Revelation 12:7 - 9(NASB):

7 And there was war in heaven, Michael and his angels waging war with the dragon. And the dragon and his angels waged war,

8 and they were not strong enough, and there was no longer a place found for them in heaven.

9 And the great dragon was thrown down, the serpent of old who is called the devil and Satan, who deceives the whole world; he was thrown down to the earth, and his angels were thrown down with him.

This I believe is the clearest account of Satan's activities before being cast down that I know of in the Scripture. We know it was Satan, in the form of a serpent, that tempted Eve in the garden of Eden. 1 Chron. 21:2 says that Satan was responsible for causing David to commit sin. Job 1:6-12 and 2:1-7 we see the activity of Satan in tempting Job.

He is called Satan,

The Devil (Mt. 13:39);

the Dragon (Rev. 12:3);

Beelzebub (Matt. 10:25);

Belial (2 Cor. 6:15);

and Lucifer in the KJV in Isa. 14:12.

He is referred to as the Evil One (Matt. 13:19);

the Tempter (Matt. 4:3);

The god of this world (age) (2 Cor. 4:4);

the Ruler of the kingdom of the air (Eph. 2:2);

the prince of this world (Jn. 12:31).

Two passages that are often used to teach about Satan are Ezekiel 28:11-19 and Isaiah 14:12-14. Both of these passages should be used with extreme caution.

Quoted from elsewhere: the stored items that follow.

Lemma expf_eq_modn (F : finFieldType) (x : F) a b : (0 < a)%N -> (0 < b)%N ->
  a = b %[mod #|F|.-1] -> x ^+ a = x ^+ b.
Proof.
move=> a_gt0 b_gt0 eq_ab; have [->|x_neq0] := eqVneq x 0.
  by rewrite !expr0n !eqn0Ngt a_gt0 b_gt0.
have x_unity : x ^+ #|F|.-1 = 1.
  apply: (mulfI x_neq0); rewrite -exprS prednK ?expf_card ?mulr1 //.
  by apply/card_gt0P; exists 0.
by rewrite -(expr_mod a x_unity) eq_ab expr_mod.
Qed.

Lemma prim_root_neq0 (R : nzRingType) n (z : R) : n.-primitive_root z -> z != 0.
Proof.
move=> z_prim; apply/eqP => z0; have := prim_expr_order z_prim.
by rewrite z0 expr0n gtn_eqF ?(prim_order_gt0 z_prim) // => /eqP; rewrite eq_sym oner_eq0.
Qed.

Lemma prim_expr_neq1 (R : nzRingType) n (z : R) k :
  n.-primitive_root z -> (0 < k < n)%N -> z ^+ k != 1.
Proof. by move=> z_prim /andP[k_gt0 lt_kn]; rewrite -(prim_order_dvd z_prim) gtnNdvd. Qed.

Lemma prim_root_inv (R : fieldType) n (z : R) :
  n.-primitive_root z -> n.-primitive_root z^-1.
Proof.
move=> z_prim; have n_gt0 := prim_order_gt0 z_prim.
have -> : z^-1 = z ^+ n.-1.
  apply: (mulIf (prim_root_neq0 z_prim)); rewrite mulVf ?(prim_root_neq0 z_prim) //.
  by rewrite -exprSr prednK ?prim_expr_order.
by rewrite (prim_root_exp_coprime _ z_prim) -[X in coprime _ X]prednK // coprimenS.
Qed.
Lemma piece_slope_bound x0 h (a : R) c : V x0 -> C c ->
  (phi x0 = F c x0 -> dotp (grad (F c) x0) h < a) ->
  exists2 W, nbhs c W & exists2 b0, b0 < a & exists2 r, 0 < r &
    forall c' y t b, W c' -> C c' -> `|y - x0| < r -> 0 < t < r -> b0 < b ->
      V y -> phi y = F c' y -> F c' (y + t *: h) - F c' y <= t * b.
Proof.
move=> Vx0 Cc slope; have [active|inactive] := pselect (phi x0 = F c x0).
  set D := dotp (grad (F c) x0) h; have Da : D < a := slope active.
  have eps0 : 0 < (a - D) / 2 by rewrite divr_gt0 // subr_gt0.
  have [W nW [r r0 expand]] := uniform_expansion h Vx0 Cc eps0.
  exists W => //; exists ((a + D) / 2); first lra.
  exists r => // c' y t b Wc' Cc' yr /andP[t0 tr] b0b _ _.
  have := expand c' y t Wc' Cc' yr.
  rewrite gtr0_norm // => /(_ tr) /(le_trans (ler_norm _)).
  have : t * ((a + D) / 2) <= t * b by rewrite ler_wpM2l // ltW.
  rewrite -/D; nra.
have gap : phi x0 < F c x0 by rewrite lt_neqAle (phi_min Vx0).2 // andbT; apply/eqP.
have [W nW [r r0 never_active]] := inactive_piece_near Vx0 Cc gap.
exists W => //; exists (a - 1); first lra.
exists r => // c' y t b Wc' Cc' yr _ _ Vy active.
by have := never_active c' y Wc' Cc' yr Vy; rewrite active ltxx.
Qed.

Lemma clarke_dd_lt_of_active x0 h (a : R) : compact C -> V x0 ->
  (forall c, C c -> phi x0 = F c x0 -> dotp (grad (F c) x0) h < a) ->
  (clarke_dd phi x0 h < a%:E)%E.
Proof.
move=> compactC Vx0 slope.
(* Carrying the slope [b] in a left neighbourhood of [a] lets compactness of [C]
   also produce a single slope [b < a] valid for all pieces. *)
pose G := filter_prod (a^'-) (filter_prod (nbhs x0) (0 : R)^'+).
pose P (i : R * ('rV[R]_n * R)) c := V i.2.1 -> phi i.2.1 = F c i.2.1 ->
  F c (i.2.1 + i.2.2 *: h) - F c i.2.1 <= i.2.2 * i.1.
have cover c : C c -> \forall c' \near c & i \near G, C c' -> P i c'.
  move=> Cc; have [W nW [b0 b0a [r r0 bound]]] := piece_slope_bound Vx0 Cc (slope c Cc).
  exists (W, [set i | b0 < i.1 /\ `|i.2.1 - x0| < r /\ 0 < i.2.2 < r]).
    split => //; exists ([set b | b0 < b], [set p | `|p.1 - x0| < r /\ 0 < p.2 < r]).
      by split; [exact: nbhs_left_gt | exact: near_right_box].
    by move=> [b p] [].
  by move=> [c' [b [y t]]] /= [Wc' [b0b [yr tr]]] Cc'; apply: bound.
have [[B1 B2] /= [nB1 nB2] uniform] :=
  (near_covering_withinP C).2 ((compact_near_coveringP C).1 compactC) _ G P _ cover.
have /filter_ex [b [B1b ba]] : (a^'-) (B1 `&` [set b | b < a]).
  by apply: filterI => //; exact: nbhs_left_lt.
apply: (@le_lt_trans _ _ b%:E); last by rewrite lte_fin.
have [rV rV0 line] := open_nbhs_line h openV Vx0.
apply: clarke_dd_le; apply: filterS (filterI nB2 (near_right_box x0 rV0)).
move=> [y t] [B2yt [yr /andP[t0 tr]]] /=.
have Vy : V y by have := line y 0 yr; rewrite normr0 scale0r addr0; apply.
have Vyt : V (y + t *: h) by apply: line; rewrite ?gtr0_norm.
have [[cy Ccy active] _] := phi_min Vy.
have := uniform (b, (y, t)) (conj B1b B2yt) cy Ccy Vy active.
have := (phi_min Vyt).2 cy Ccy; rewrite /= active; lra.
Qed.

End MinRepresentation.

Theorem proposition4p3 (R : realType) (n : nat) (phi : 'rV[R]_n -> R)
  (Hphi : upper_C2 phi) (sigma : R) (Hsigma : 0 < sigma < 1)
  (x w d : 'rV[R]_n) (Hw : clarke_subdiff phi x w) (Hwd : dotp w d < 0) :
  exists2 eta : R, 0 < eta &
    forall tau : R, 0 < tau < eta ->
      phi (x + tau *: d) <= phi x + sigma * tau * dotp w d.
Proof.
have [T [C [V [F [openV Vx compactC [phi_min F_C2 F_cont dF_cont _]]]]]] := Hphi x.
have [[c0 [Cc0 active0 steep0]]|no_steep] := pselect (exists c0,
    [/\ C c0, phi x = F c0 x & dotp (grad (F c0) x) d <= dotp w d]).
  have slope0 : dotp (grad (F c0) x) d < sigma * dotp w d.
    by move: Hsigma => /andP[_ sigma1]; nra.
  have [eta eta0 descent] :=
    active_descent openV phi_min F_C2 dF_cont Vx Cc0 active0 slope0.
  by exists eta => // tau /descent; rewrite mulrCA mulrA.
have flat c : C c -> phi x = F c x -> dotp (grad (F c) x) (- d) < dotp w (- d).
  move=> Cc active; rewrite !dotpN ltrN2 ltNge; apply/negP => steep.
  by apply: no_steep; exists c.
have := clarke_dd_lt_of_active openV phi_min F_C2 F_cont dF_cont compactC Vx flat.
by move=> /(le_lt_trans (Hw (- d))); rewrite ltxx.
Qed.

One should always be aware of the context of a Biblical passage before trying to teach anything from it. In its context Ezek. 28:11-19 is a description of the King of Tyre. To go beyond this in explaining this passage is to go without biblical support. NEVER in Scripture is the context in Ezek. 28 used to speak of Satan.

Similarly, Isa. 14:12-14 speaks of the king of Babylon. The KJV adds "Lucifer" to verse 12 for unknown reasons. Isa. 14 is speaking in figurative language of the downfall of the nation of Babylon.

It could be said in both these passages that the King of Tyre and the King of Babylon were the very personification of Satan. In this case we can assume that certain characteristics of these evil kings are characteristics of Satan.

What we do know about Satan is this. He was a created being, an angel, who was judged because of his rebellion, which the New Testament hints was sparked by his pride (1Tim.3:6). He is the one responsible for introducing evil to this world. Now he desires to devour God's creation by tempting man to reject his Creator.

This is then the lesson we must learn. Satan--an angel created by God--was given the free will to choose whether or not he would obey God. He disobeyed, and that disobedience was evil.

Satan made himself evil by choosing to do evil.

In the same way, humans may choose to do right or wrong, and through their choices, evil flourishes.

So... it was choice that caused Satan to be evil, not an act of Creation.